Material provided:
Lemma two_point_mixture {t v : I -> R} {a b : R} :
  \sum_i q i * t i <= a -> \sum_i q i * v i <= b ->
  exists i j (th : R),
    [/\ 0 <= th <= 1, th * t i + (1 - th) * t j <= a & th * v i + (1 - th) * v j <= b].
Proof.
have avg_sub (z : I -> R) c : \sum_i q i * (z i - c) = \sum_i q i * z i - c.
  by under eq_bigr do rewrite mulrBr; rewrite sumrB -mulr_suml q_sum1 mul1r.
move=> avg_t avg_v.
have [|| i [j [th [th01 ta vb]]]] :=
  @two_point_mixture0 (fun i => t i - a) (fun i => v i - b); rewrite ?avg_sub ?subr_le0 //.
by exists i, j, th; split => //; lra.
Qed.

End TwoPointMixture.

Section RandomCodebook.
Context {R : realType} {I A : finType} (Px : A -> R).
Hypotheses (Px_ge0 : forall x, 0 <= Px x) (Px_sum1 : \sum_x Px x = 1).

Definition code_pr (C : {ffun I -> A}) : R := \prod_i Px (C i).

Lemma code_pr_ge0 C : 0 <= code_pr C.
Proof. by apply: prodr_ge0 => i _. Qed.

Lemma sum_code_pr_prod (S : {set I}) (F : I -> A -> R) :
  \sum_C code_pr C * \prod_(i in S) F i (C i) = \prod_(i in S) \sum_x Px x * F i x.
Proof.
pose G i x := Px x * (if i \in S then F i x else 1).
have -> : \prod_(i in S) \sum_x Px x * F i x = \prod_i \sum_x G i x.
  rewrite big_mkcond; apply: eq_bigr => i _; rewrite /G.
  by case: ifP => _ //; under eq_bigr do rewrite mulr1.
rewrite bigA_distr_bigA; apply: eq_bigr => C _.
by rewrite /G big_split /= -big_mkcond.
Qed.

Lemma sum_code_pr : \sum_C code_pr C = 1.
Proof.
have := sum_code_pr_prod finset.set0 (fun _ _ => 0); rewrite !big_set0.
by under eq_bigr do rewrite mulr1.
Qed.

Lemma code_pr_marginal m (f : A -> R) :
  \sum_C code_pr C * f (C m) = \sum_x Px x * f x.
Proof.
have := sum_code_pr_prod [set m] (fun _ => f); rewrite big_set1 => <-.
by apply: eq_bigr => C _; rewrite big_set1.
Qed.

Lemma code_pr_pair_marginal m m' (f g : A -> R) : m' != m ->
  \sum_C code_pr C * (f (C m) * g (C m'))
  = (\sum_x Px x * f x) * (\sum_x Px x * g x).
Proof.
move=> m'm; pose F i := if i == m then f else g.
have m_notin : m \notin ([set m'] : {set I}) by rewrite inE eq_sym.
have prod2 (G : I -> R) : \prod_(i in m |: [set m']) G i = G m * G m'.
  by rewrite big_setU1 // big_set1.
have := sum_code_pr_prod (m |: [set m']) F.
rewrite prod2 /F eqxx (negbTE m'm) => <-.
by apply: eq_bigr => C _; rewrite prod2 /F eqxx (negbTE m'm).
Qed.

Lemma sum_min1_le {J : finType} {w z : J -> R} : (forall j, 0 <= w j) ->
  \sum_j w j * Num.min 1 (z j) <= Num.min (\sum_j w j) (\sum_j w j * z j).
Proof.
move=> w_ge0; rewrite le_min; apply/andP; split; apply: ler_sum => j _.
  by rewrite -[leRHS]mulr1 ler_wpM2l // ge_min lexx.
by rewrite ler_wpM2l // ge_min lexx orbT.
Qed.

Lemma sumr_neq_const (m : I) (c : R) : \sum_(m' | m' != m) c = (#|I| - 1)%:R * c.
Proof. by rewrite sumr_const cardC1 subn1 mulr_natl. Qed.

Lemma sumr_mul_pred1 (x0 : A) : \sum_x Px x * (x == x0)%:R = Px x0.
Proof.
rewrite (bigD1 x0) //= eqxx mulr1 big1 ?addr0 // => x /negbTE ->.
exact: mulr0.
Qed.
...
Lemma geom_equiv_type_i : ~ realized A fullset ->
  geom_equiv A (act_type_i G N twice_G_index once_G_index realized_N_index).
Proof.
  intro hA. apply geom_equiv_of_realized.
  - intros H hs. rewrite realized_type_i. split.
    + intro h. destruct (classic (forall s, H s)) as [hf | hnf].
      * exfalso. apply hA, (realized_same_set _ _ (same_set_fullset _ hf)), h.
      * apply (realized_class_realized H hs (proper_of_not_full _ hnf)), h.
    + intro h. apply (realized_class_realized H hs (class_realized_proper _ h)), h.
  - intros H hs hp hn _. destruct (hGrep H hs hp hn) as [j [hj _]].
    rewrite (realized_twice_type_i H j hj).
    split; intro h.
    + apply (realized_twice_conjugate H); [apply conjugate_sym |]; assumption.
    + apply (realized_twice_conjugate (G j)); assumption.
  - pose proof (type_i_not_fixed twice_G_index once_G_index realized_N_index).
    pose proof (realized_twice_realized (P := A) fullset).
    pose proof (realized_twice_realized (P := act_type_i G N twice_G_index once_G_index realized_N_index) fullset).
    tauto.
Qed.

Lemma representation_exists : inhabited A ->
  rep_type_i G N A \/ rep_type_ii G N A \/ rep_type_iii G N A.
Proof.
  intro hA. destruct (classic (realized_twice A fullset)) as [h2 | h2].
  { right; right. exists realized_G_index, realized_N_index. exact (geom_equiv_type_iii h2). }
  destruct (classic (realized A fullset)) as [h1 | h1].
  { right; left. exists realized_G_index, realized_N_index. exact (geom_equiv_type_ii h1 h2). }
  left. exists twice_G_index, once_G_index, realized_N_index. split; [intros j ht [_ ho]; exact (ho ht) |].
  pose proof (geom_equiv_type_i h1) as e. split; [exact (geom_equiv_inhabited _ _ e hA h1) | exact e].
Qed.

Task item: All lines with the string "assumption" must be copied from the data.

Final answer:
    + apply (realized_twice_conjugate H); [apply conjugate_sym |]; assumption.
    + apply (realized_twice_conjugate (G j)); assumption.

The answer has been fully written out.